Tracy unscrewed the bell and drilled a hole in the handlebars where the bell sat, and took the bungs off the handlebar ends. With great care and patience she packed the handlebars full of her weedkiller and sugar mixture, put the bungs back in, and got to work on the bell. She rejigged the insides of the bell with a battery and wires, so that when you tried to ring it, you produced an electrical contact instead.
The contact was fixed to a little bit of soldering she had made earlier, and this was of wires to a torch bulb with the glass very, very carefully broken off so that only the fragile filament remained.
She inserted the filament with extreme caution through the handlebar hole into the explosive mixture. When Nicky Tams tried to ring his bell the contact would be made, the bulb filament would glow red and the rocket fuel would ignite.
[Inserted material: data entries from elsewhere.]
(* Let $X$ be a minimal dendric shift over $\mathcal{A}$ which is planar for $(\le^L,\le^R)$. (1) Every long enough left special factor $w$ of $X$ satisfies $E^L_X(w)=\{a,b\}$ where $a,b$ are consecutive for $\le^L$; moreover, for any two $\le^L$-consecutive letters $a,b$ and every $n\in\mathbb{N}$, there is a unique left special factor $w$ of length $n$ with $\{a,b\}\subseteq E^L_X(w)$. (2) Every long enough right special factor $w$ satisfies $E^R_X(w)=\{a,b\}$ where $a,b$ are consecutive for $\le^R$; moreover, for any two $\le^R$-consecutive letters $a,b$ and every $n\in\mathbb{N}$, there is a unique right special factor $w$ of length $n$ with $\{a,b\}\subseteq E^R_X(w)$.
   Context: A shift space over a finite alphabet $\mathcal{A}$ is a nonempty closed shift-invariant $X\subseteq\mathcal{A}^{\mathbb{Z}}$ with all letters in its language $\mathcal{L}(X)$; minimal if no nonempty proper closed shift-invariant subset. For $w\in\mathcal{L}(X)$: $E^L_X(w)=\{a:aw\in\mathcal{L}(X)\}$, $E^R_X(w)=\{b:wb\in\mathcal{L}(X)\}$, $E_X(w)=\{(a,b):awb\in\mathcal{L}(X)\}$; $w$ left (right) special if $|E^L_X(w)|\ge2$ ($|E^R_X(w)|\ge2$). $\mathcal{E}_X(w)$ is the bipartite graph on disjoint copies of $E^L_X(w),E^R_X(w)$ with edges $E_X(w)$; $X$ is dendric if each $\mathcal{E}_X(w)$ is a tree. For total orders $\le^L,\le^R$ on $\mathcal{A}$, $w$ is planar for $(\le^L,\le^R)$ if for all $(a_1,b_1),(a_2,b_2)\in E_X(w)$, $a_1<^La_2$ implies $b_1\le^Rb_2$; $X$ is planar for $(\le^L,\le^R)$ if every word of $\mathcal{L}(X)$ is. *)

From mathcomp Require Import all_boot all_order all_algebra.
Set Implicit Arguments. Unset Strict Implicit. Unset Printing Implicit Defensive.
Import Order.TTheory GRing.Theory Num.Theory.
Local Open Scope ring_scope.

Section Shift.
Variable A : finType.

Definition config := int -> A.

Definition shift (x : config) : config := fun i => x (i + 1).

(* closed in the product topology of A^Z (A discrete): the basic
   neighbourhoods of x are the central cylinders [x_{-n..n}] *)
Definition closed_set (X : config -> Prop) : Prop :=
  forall x : config,
    (forall n : nat, exists y, X y /\ forall i : int, -(n%:Z) <= i <= n%:Z -> y i = x i) ->
    X x.

Definition shift_invariant (X : config -> Prop) : Prop :=
  forall x : config, X x <-> X (shift x).

Definition window (x : config) (i : int) (m : nat) : seq A :=
  [seq x (i + k%:Z) | k <- iota 0 m].

Definition lang (X : config -> Prop) (w : seq A) : Prop :=
  exists x, X x /\ exists i : int, window x i (size w) = w.

Definition shift_space (X : config -> Prop) : Prop :=
  [/\ exists x, X x, closed_set X, shift_invariant X
    & forall a : A, lang X [:: a]].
She hoped.
What shall we do with the big fat wobbler?
Walking back from Oliver’s Mount to the DIY store, most of the Nosepipe army stopped off at The Mere cafe for a cup of tea and an ice cream, but Tracy and King Nicky Tams kept walking, discussing what to do about King Canoe. They also had a chat about Nicky Tams’s coronation as King Nicky Tams I of Ang Gonnasec and CCLVI of Nosepipe.
Tracy wanted the big expensive coronation in York Minster. No, absolutely not, out of the question, said King Nicky Tams as he firmly put down the Royal Foot. He wanted a quiet affair in St Mary’s Parish Church, here in his new second capital city of Scarborough. So, they decided on York Minster, and now they only had to agree on the doom, or fate, of King Canoe.
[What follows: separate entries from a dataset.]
(* Let $\Sigma$ be an alphabet, let $\tau \in \mathcal{T}(\Sigma)$, let $t, t' \in \mathcal{T}(\Sigma)$, and let $a_1 \neq a_2$ be two letters of $\Sigma$. If $\sigma_{a_i}^{\tau}(t) = \sigma_{a_i}^{\tau}(t')$ for $i = 1, 2$, then $t = t'$.
   Context: Let $\Sigma$ be an alphabet not containing $0,1$. A binary tree over $\Sigma$ is a finite set $t \subseteq \{0,1\}^*\Sigma$ such that for any $ua, vb \in t$ with $ua \neq vb$, $u$ is not a prefix of $v$ and $v$ is not a prefix of $u$; $\mathcal{T}(\Sigma)$ is the set of such trees, $\mathbf 0=\emptyset$, and each letter $a$ is identified with the tree $\{a\}$. The operation is $t\star t' = 0.t\cup 1.t'$. Every map $h\colon\Sigma\to\mathcal{T}(\Sigma)$ extends uniquely to an endomorphism of $\langle\mathcal{T}(\Sigma),\star\rangle$ (a map $h$ with $h(t\star t')=h(t)\star h(t')$; it satisfies $h(\mathbf 0)=\mathbf 0$). For $a\in\Sigma$ and $\tau\in\mathcal{T}(\Sigma)$, the grafting $\sigma_a^{\tau}$ is the endomorphism with $\sigma_a^\tau(a)=\tau$ and $\sigma_a^\tau(b)=b$ for $b\in\Sigma$, $b\neq a$. *)

From HB Require Import structures.
From mathcomp Require Import all_boot.
From mathcomp Require Import finmap.
Set Implicit Arguments. Unset Strict Implicit. Unset Printing Implicit Defensive.
Local Open Scope fset_scope.

(* A word of {0,1}^* Sigma is represented as a pair (u, a) with u : seq bool
   (0 = false, 1 = true) and a : Sigma. *)
Definition word (Sigma : finType) := (seq bool * Sigma)%type.

(* A binary tree over Sigma: a finite set of words, prefix-free in the sense
   of the paper: for distinct ua, vb in t, u is not a prefix of v. *)
Definition is_tree (Sigma : finType) (t : {fset word Sigma}) : Prop :=
  forall x y, x \in t -> y \in t -> x <> y -> ~~ prefix x.1 y.1.

Definition tree0 (Sigma : finType) : {fset word Sigma} := fset0.
Definition letter (Sigma : finType) (a : Sigma) : {fset word Sigma} :=
  [fset ([::], a)].

Definition pre (Sigma : finType) (w : seq bool) (t : {fset word Sigma}) :
  {fset word Sigma} := [fset (w ++ y.1, y.2) | y in t].
Definition star (Sigma : finType) (t t' : {fset word Sigma}) :=
  pre [:: false] t `|` pre [:: true] t'.

(* The unique endomorphism extending h : Sigma -> T(Sigma):
   h(t) = U_{ua in t} u.h(a). *)
Definition hom (Sigma : finType) (h : Sigma -> {fset word Sigma})
  (t : {fset word Sigma}) : {fset word Sigma} :=
  \bigcup_(x <- t) pre x.1 (h x.2).

Definition graft (Sigma : finType) (a : Sigma) (tau : {fset word Sigma}) :
  {fset word Sigma} -> {fset word Sigma} :=
  hom (fun b => if b == a then tau else letter b).

From mathcomp Require Import all_boot.
From mathcomp Require Import finmap.
Local Open Scope fset_scope.

(* A leaf x of t whose label is not a1 survives in sigma_a1(t) = sigma_a1(t'),
   so either x is a leaf of t' or x = y.z with y an a1-leaf of t' and z a leaf
   of tau.  In the latter case y survives in sigma_a2(t') = sigma_a2(t): either
   y is a leaf of t, a prefix of the distinct leaf x, or y = w.z' with w an
   a2-leaf of t.  Then w is a prefix of x, hence w = x by prefix-freeness, so
   z and z' are leaves of tau at the root with distinct labels, contradicting
   prefix-freeness of tau.  Leaves labelled a1 are handled by exchanging a1
   and a2. *)

Section Grafting.

Variables (Sigma : finType) (a : Sigma) (tau : {fset word Sigma}).

Lemma mem_graft_id (t : {fset word Sigma}) x :
  x \in t -> x.2 != a -> x \in graft a tau t.
Proof.
move=> xt xa; apply/bigfcupP; exists x; first by rewrite xt.
rewrite (negbTE xa); apply/imfsetP; exists ([::], x.2); first exact: fset11.
by rewrite cats0; case: x {xt xa}.
Qed.

Lemma graftP (t : {fset word Sigma}) x :
  x \in graft a tau t ->
  x \in t /\ x.2 != a \/
  exists y z, [/\ y \in t, y.2 = a, z \in tau & x = (y.1 ++ z.1, z.2)].
Proof.
case/bigfcupP => y /andP [yt _] /imfsetP [z /= zh ->].
case: eqP zh => [ya zt | /eqP ya /fset1P ->]; first by right; exists y, z.
by left; rewrite cats0; case: y yt ya.
Qed.

End Grafting.

Arguments mem_graft_id {Sigma a} tau {t x}.

Lemma tree_prefix_eq (Sigma : finType) (t : {fset word Sigma}) x y :
  is_tree t -> x \in t -> y \in t -> prefix x.1 y.1 -> x = y.
Proof.
move=> tree_t xt yt pxy; case: (x =P y) => // nxy.
by move/negP: (tree_t x y xt yt nxy).
Qed.

Arguments tree_prefix_eq {Sigma t x y}.

Lemma cat_eq_l (T : eqType) (s u : seq T) : s ++ u = s -> u = [::].
Proof.
move/(congr1 size)/eqP; rewrite size_cat -[X in _ == X]addn0 eqn_add2l.
by rewrite size_eq0 => /eqP.
Qed.

Section TwoGraftings.

Variables (Sigma : finType) (tau t t' : {fset word Sigma}) (a1 a2 : Sigma).
Hypotheses (tree_tau : is_tree tau) (tree_t : is_tree t) (neq_a12 : a1 != a2).
Hypotheses (graft1_eq : graft a1 tau t = graft a1 tau t')
           (graft2_eq : graft a2 tau t = graft a2 tau t').

Lemma graft2_eq_mem x : x \in t -> x.2 != a1 -> x \in t'.
Proof.
move=> xt xa1; have := mem_graft_id tau xt xa1.
rewrite graft1_eq => /graftP [[] // | [y [z [yt' ya1 zt xe]]]].
have [xe1 xe2] : x.1 = y.1 ++ z.1 /\ x.2 = z.2 by rewrite xe.
have ya2 : y.2 != a2 by rewrite ya1.
have := mem_graft_id tau yt' ya2; rewrite -graft2_eq.
case/graftP => [[yt _] | [w [z' [wt _ z't ye]]]].
  have eyx : y = x.
    by apply: tree_prefix_eq tree_t yt xt _; rewrite xe1 prefix_prefix.
  by move: xa1; rewrite -eyx ya1 eqxx.
have {}xe1 : x.1 = w.1 ++ (z'.1 ++ z.1) by rewrite xe1 ye catA.
have ewx : w = x.
  by apply: tree_prefix_eq tree_t wt xt _; rewrite xe1 prefix_prefix.
have : nilp (z'.1 ++ z.1) by apply/nilP/(@cat_eq_l _ w.1); rewrite -xe1 ewx.
rewrite cat_nilp => /andP [_ /nilP z0].
have ezz' : z = z'.
  by apply: tree_prefix_eq tree_tau zt z't _; rewrite z0 prefix0s.
by move: xa1; rewrite xe2 ezz' -ya1 ye eqxx.
Qed.

End TwoGraftings.

Arguments graft2_eq_mem {Sigma tau t t' a1 a2} _ _ _ _ _ {x}.

Lemma graft2_eq_subset (Sigma : finType) (tau t t' : {fset word Sigma})
    (a1 a2 : Sigma) :
  is_tree tau -> is_tree t -> a1 != a2 ->
  graft a1 tau t = graft a1 tau t' -> graft a2 tau t = graft a2 tau t' ->
  {subset t <= t'}.
Proof.
move=> tree_tau tree_t neq_a12 E1 E2 [u b].
case: (eqVneq b a1) => [-> | ba1] ut.
  by apply: (graft2_eq_mem tree_tau tree_t _ E2 E1); rewrite // eq_sym.
exact: (graft2_eq_mem tree_tau tree_t neq_a12 E1 E2).
Qed.

Arguments graft2_eq_subset {Sigma tau t t' a1 a2}.

Theorem mainTheorem2 (Sigma : finType) (tau t t' : {fset word Sigma})
  (a1 a2 : Sigma) :
  is_tree tau -> is_tree t -> is_tree t' -> a1 != a2 ->
  graft a1 tau t = graft a1 tau t' ->
  graft a2 tau t = graft a2 tau t' ->
  t = t'.
Proof.
move=> tree_tau tree_t tree_t' neq_a12 E1 E2.
apply/eqP; rewrite eqEfsubset; apply/andP; split; apply/fsubsetP.
  exact: (graft2_eq_subset tree_tau tree_t neq_a12 E1 E2).
exact: (graft2_eq_subset tree_tau tree_t' neq_a12 (esym E1) (esym E2)).
Qed.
“I deem it meet that his doom should be….the block!” said Tracy, who had obviously seen the same old black and white films as Macdonald.
“What?” asked Nicky Tams. “Meat? Block?” He felt a bit queazy, to be honest, what with the battle and everything and now all this dooming and deeming.
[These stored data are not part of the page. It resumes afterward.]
Lemma separated_sym K L : separated K L -> separated L K.
Proof.
  intros [U [V [oU [oV [KU [LV d]]]]]].
  exists V, U; repeat split; auto. intros x [Vx Ux]; exact (d x (conj Ux Vx)).
Qed.

Lemma compact_separated K L : compact t -> closed t K ->
  (forall y, K y -> separated (fun z => z = y) L) -> separated K L.
Proof.
  intros Hc HK Hsep.
  pose (F := fun W => open t W /\ exists W', open t W' /\ (forall z, L z -> W' z) /\
                                            forall z, ~ (W z /\ W' z)).
  destruct (compact_subcover (fun x => x) K F Hc HK) as [l [Hl HlK]].
  - intros W [oW _]; exact oW.
  - intros y Ky. destruct (Hsep y Ky) as [W [W' [oW [oW' [yW [LW' d]]]]]].
    exists W; split; [split; [exact oW | exists W'; auto] | apply yW; reflexivity].
  - destruct (list_choice (fun W W' => forall z, ~ (W z /\ W' z))
                          (fun W' => open t W' /\ forall z, L z -> W' z) l) as [l' [Hl' Hd]].
    { intros W i; destruct (Hl W i) as [_ [W' [oW' [LW' d]]]]; eauto. }
    exists (fun x => exists W, In W l /\ W x), (list_inter l'); repeat split.
    + apply open_bigcup; intros W i; apply (Hl W i).
    + apply open_list_inter; intros W' i; apply (Hl' W' i).
    + exact HlK.
    + intros z Lz W' i; apply (Hl' W' i), Lz.
    + intros z [[W [i Wz]] Iz]. destruct (Hd W i) as [W' [j d]].
      exact (d z (conj Wz (Iz W' j))).
Qed.

Lemma compact_hausdorff_normal K L : compact t -> hausdorff t -> closed t K -> closed t L ->
  (forall x, ~ (K x /\ L x)) -> separated K L.
Proof.
  intros Hc Hh HK HL dKL. apply compact_separated; auto.
  intros y Ky. apply separated_sym, compact_separated; auto.
  intros z Lz. assert (zy : z <> y) by (intros ->; exact (dKL y (conj Ky Lz))).
  destruct (Hh z y zy) as [U [V [oU [oV [Uz [Vy d]]]]]].
  exists U, V; repeat split; auto; intros x ->; assumption.
Qed.

Definition quasi_component (a x : X) : Prop := forall C, clopen t C -> C a -> C x.

Lemma quasi_component_closed a : closed t (quasi_component a).
Proof.
  apply (open_ext (U := fun x => exists W,
           (exists C, clopen t C /\ C a /\ W = fun z => ~ C z) /\ W x)).
  - intro x; split.
    + intros [W [[C [HC [Ca ->]]] nCx]] Q; exact (nCx (Q C HC Ca)).
    + intro nQ; apply not_all_ex_not in nQ as [C nQ].
      apply imply_to_and in nQ as [HC nQ]; apply imply_to_and in nQ as [Ca nCx].
      exists (fun z => ~ C z); eauto.
  - apply open_bigcup; intros W [C [[_ cC] [_ ->]]]; exact cC.
Qed.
“The traitorous King Canoe shall meet his doom, I deem, on yonder hill, whereat we shall build a scaffold high, an’ it please you, my liege,” declared Tracy, striking a dramatic pose.
Nicky Tams thought that the excitement of the battle had gone to Tracy’s head. They should have stopped at The Mere for a cup of tea and relaxed. Instead, here she was, all wound up, sounding exactly like the time they’d read part of a Shakespeare play in class at Nosepipe County Primary.
When the coronation was over, thought King Nicky Tams, he would slip back there and play Short Tennis again. He didn’t want to change schools just now. Maybe he could appoint Tracy as Princess Regent and she could stay here and have all the bother of ruling the Empire.
“I know,” said Nicky Tams, suddenly decisive and, for a senior government figure, amazingly honest. “King Canoe is no traitor. He didn’t make anything happen. It all happened to him. So, we’ll put him on the island in Peasholm Park. We’ll take the bridges down so he can’t escape, and certain special people can visit him each day in rowing boats to take his food orders, collect his washing and so on. How about that?”
When they got back to the DIY store they asked Canoe which he preferred, the island in Peasholm Park idea, or the scaffold-high idea, so there was no problem there. Canoe thought with relish of those people bringing him all his favourite dishes.
He could have Lasagne for breakfast; Haddock, Chips and Mushy Peas (with tea and a slice) for lunch; and Sweet and Sour Pork with Special Fried Rice for supper. Brilliant. And next day he could have American Hot Pizza, half a dozen assorted Waffles, and…should he have Southern Fried Chicken, Cole Slaw and Chips, or Steak Pie, Chips, Peas and Gravy?
What a perfect life, thought Canoe, with nothing at all to do, ever, except choose what to eat. With a wobble and a flob, he said goodbye to his conquerers and allowed himself to be conveyed to Peasholm Park in the back of a passing bread van.